(What is expected)
Copy every line that contains the string "invmx" from the entries below.

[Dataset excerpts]

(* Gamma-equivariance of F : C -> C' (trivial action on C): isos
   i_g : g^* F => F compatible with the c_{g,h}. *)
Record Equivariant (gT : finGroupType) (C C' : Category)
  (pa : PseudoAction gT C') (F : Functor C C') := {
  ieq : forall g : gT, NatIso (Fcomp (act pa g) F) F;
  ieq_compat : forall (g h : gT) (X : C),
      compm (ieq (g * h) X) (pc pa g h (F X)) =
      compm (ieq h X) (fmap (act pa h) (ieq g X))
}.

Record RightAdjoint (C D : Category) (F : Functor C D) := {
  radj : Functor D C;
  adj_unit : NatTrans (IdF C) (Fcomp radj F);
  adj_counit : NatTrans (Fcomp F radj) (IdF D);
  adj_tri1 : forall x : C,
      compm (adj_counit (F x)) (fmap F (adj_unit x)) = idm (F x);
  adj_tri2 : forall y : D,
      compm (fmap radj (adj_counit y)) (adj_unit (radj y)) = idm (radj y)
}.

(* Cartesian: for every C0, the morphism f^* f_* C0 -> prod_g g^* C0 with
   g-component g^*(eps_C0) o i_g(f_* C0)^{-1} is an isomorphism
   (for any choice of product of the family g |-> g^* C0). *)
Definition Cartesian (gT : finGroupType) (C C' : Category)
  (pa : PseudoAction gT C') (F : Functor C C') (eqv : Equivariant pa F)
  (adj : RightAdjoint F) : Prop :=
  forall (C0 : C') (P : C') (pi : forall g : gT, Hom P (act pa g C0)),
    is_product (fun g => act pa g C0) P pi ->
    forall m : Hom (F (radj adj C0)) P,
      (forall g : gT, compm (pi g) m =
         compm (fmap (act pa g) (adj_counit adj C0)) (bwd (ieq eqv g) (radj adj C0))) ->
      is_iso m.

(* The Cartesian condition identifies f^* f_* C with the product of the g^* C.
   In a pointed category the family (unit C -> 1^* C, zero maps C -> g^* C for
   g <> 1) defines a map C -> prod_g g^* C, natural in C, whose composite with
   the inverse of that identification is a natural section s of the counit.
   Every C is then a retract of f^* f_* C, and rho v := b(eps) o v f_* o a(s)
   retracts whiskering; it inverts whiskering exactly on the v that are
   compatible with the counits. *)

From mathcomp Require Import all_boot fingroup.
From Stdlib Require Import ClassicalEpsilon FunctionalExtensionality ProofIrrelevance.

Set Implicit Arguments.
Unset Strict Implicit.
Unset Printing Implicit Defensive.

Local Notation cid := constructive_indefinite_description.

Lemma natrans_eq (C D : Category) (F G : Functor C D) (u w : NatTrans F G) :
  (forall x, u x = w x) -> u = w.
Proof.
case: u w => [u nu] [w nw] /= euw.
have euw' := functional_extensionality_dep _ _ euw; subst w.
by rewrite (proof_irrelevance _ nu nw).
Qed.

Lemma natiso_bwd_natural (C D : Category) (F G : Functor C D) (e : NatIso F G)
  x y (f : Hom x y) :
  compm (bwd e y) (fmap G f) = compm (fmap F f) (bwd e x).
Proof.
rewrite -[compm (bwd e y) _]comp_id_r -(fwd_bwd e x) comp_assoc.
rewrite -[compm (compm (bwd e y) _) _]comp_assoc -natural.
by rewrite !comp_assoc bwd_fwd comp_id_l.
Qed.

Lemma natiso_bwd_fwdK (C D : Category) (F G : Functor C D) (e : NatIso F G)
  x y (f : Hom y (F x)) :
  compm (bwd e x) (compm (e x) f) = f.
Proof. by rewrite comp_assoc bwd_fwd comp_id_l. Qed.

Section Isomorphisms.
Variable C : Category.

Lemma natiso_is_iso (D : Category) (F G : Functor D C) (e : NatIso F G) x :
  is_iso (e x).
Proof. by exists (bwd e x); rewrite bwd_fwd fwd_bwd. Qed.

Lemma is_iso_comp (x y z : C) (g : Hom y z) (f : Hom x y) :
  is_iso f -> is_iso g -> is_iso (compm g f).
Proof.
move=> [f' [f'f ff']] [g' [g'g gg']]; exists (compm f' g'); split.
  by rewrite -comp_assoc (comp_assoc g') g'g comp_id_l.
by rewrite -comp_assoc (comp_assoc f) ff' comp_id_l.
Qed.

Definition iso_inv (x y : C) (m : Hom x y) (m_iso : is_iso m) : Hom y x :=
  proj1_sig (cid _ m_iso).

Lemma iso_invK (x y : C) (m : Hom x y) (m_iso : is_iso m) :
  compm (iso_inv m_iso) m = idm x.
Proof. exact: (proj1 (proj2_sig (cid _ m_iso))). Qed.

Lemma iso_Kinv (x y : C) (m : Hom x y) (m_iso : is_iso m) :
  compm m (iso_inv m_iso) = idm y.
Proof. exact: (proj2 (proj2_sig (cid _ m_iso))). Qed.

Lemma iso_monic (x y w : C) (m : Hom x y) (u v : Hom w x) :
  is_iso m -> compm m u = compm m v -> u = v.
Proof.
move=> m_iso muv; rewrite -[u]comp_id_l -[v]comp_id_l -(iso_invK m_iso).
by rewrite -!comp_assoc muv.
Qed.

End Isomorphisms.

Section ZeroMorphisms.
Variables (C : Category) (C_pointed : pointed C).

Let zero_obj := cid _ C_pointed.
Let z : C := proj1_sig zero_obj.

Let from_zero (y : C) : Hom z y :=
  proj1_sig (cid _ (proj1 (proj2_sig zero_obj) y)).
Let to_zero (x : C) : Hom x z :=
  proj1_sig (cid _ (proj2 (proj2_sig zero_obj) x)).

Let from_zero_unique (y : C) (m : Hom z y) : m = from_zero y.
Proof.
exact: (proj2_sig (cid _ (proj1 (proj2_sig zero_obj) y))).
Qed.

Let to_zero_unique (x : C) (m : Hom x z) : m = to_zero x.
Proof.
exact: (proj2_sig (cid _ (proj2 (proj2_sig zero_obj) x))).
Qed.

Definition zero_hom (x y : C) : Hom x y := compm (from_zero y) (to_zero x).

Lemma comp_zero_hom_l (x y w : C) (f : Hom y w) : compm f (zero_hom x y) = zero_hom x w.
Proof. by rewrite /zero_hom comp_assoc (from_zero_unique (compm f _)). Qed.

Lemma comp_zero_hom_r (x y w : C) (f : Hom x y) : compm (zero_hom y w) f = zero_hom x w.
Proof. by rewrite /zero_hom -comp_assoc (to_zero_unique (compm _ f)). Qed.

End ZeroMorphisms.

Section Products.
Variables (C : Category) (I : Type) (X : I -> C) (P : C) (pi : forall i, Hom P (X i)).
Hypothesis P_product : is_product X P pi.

* * *

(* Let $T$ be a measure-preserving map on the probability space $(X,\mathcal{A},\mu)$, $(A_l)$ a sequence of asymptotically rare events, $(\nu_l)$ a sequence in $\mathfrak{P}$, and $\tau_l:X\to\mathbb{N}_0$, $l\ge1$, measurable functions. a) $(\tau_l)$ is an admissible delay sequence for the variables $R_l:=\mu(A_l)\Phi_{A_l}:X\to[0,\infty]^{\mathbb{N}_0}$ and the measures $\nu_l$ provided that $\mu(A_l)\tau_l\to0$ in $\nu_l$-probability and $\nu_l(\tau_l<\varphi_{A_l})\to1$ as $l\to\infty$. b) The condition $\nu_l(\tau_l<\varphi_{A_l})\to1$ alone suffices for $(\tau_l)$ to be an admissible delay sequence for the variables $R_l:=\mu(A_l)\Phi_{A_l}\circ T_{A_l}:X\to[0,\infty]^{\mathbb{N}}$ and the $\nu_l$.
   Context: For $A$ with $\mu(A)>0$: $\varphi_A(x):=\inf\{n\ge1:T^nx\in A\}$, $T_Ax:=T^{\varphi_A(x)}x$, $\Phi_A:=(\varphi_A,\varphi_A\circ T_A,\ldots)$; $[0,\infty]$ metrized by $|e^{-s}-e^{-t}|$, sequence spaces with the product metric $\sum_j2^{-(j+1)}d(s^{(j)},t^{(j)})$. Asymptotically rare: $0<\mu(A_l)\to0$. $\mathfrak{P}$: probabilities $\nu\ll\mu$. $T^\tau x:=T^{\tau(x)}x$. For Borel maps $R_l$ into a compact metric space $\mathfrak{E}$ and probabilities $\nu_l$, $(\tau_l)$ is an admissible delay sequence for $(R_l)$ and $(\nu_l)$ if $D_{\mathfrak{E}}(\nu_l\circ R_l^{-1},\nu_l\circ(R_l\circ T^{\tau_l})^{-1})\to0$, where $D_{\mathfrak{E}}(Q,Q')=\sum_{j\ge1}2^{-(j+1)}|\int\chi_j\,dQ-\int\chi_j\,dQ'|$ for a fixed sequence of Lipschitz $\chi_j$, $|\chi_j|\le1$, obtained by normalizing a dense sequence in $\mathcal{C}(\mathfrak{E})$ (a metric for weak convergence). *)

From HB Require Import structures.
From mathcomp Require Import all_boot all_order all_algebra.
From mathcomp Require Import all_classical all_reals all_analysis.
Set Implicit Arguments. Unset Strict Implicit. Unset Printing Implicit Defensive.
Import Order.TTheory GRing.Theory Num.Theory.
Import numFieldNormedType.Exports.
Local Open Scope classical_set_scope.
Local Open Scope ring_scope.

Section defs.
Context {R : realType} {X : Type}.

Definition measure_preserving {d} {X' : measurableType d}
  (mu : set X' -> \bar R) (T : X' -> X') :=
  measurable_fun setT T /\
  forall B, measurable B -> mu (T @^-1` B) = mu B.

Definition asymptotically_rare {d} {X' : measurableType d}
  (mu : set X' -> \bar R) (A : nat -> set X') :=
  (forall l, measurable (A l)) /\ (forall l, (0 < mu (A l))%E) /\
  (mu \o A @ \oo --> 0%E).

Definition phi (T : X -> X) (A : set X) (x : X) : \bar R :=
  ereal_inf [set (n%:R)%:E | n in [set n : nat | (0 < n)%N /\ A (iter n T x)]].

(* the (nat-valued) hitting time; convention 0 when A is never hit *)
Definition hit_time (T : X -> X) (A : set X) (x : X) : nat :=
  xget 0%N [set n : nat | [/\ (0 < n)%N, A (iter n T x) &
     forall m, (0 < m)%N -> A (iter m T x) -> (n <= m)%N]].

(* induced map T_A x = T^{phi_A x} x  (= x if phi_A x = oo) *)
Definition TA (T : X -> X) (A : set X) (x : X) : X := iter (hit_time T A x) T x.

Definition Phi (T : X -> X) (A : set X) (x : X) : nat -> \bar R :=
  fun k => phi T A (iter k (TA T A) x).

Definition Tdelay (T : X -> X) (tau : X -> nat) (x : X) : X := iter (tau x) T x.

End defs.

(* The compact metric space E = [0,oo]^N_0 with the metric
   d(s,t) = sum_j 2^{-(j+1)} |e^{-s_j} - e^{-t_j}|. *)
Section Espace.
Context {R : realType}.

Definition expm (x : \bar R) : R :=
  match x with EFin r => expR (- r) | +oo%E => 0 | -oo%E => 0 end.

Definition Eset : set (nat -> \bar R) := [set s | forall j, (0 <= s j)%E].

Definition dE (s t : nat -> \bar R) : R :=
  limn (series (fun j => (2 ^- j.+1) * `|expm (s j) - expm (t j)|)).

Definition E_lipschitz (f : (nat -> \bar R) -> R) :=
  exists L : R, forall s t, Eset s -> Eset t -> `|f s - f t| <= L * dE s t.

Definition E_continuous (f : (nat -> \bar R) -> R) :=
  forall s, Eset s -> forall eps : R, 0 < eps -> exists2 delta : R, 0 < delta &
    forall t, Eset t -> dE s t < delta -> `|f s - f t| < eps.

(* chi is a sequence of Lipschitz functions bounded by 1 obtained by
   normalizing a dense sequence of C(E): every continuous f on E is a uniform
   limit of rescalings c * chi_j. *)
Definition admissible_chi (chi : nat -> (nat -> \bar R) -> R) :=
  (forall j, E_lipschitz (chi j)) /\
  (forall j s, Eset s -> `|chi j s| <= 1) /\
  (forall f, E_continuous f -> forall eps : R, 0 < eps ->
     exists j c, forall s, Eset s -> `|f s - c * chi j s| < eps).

---

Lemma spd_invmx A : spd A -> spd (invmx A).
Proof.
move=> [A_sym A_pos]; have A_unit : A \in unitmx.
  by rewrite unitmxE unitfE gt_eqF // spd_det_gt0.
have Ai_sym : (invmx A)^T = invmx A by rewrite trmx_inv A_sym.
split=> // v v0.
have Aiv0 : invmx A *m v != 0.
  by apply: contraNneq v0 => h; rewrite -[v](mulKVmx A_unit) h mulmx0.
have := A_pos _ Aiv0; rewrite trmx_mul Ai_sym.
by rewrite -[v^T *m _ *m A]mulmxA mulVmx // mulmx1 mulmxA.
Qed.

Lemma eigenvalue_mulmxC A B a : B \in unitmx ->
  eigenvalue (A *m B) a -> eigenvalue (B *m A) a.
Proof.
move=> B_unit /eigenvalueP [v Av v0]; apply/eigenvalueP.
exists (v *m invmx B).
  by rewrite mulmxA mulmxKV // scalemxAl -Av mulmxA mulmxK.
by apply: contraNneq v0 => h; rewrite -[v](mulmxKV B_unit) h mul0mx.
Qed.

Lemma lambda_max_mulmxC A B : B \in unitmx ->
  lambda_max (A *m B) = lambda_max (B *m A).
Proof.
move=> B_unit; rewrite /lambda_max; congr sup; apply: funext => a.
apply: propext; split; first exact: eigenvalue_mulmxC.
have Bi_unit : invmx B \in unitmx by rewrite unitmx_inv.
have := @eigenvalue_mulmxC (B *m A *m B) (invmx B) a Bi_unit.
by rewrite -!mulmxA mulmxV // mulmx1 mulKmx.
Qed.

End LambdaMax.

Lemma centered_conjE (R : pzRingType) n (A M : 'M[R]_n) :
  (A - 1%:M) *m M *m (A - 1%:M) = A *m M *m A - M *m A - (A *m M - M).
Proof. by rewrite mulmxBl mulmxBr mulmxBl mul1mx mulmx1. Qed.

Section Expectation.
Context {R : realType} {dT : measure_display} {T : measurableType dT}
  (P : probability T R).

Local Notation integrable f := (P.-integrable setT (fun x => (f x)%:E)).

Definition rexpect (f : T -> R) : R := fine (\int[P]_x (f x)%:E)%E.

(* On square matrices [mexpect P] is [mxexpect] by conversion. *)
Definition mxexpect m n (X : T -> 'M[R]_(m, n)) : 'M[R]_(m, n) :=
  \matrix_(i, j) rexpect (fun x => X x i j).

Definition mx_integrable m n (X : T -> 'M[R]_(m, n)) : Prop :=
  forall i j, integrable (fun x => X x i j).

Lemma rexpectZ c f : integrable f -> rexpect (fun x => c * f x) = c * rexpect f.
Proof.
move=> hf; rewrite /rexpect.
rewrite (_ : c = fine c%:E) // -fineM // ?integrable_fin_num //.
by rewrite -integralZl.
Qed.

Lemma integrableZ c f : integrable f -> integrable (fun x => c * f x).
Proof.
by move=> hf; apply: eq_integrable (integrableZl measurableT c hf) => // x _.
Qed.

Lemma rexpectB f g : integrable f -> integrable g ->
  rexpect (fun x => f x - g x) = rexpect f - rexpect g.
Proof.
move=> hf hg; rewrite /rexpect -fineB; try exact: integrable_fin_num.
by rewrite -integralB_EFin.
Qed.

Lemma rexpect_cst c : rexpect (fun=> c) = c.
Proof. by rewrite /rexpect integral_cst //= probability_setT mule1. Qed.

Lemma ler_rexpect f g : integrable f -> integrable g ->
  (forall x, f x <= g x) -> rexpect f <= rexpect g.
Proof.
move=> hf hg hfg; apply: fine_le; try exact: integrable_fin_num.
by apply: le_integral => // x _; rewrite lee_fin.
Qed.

(Exercise response)
Lemma spd_invmx A : spd A -> spd (invmx A).
have Ai_sym : (invmx A)^T = invmx A by rewrite trmx_inv A_sym.
have Aiv0 : invmx A *m v != 0.
exists (v *m invmx B).
have Bi_unit : invmx B \in unitmx by rewrite unitmx_inv.
have := @eigenvalue_mulmxC (B *m A *m B) (invmx B) a Bi_unit.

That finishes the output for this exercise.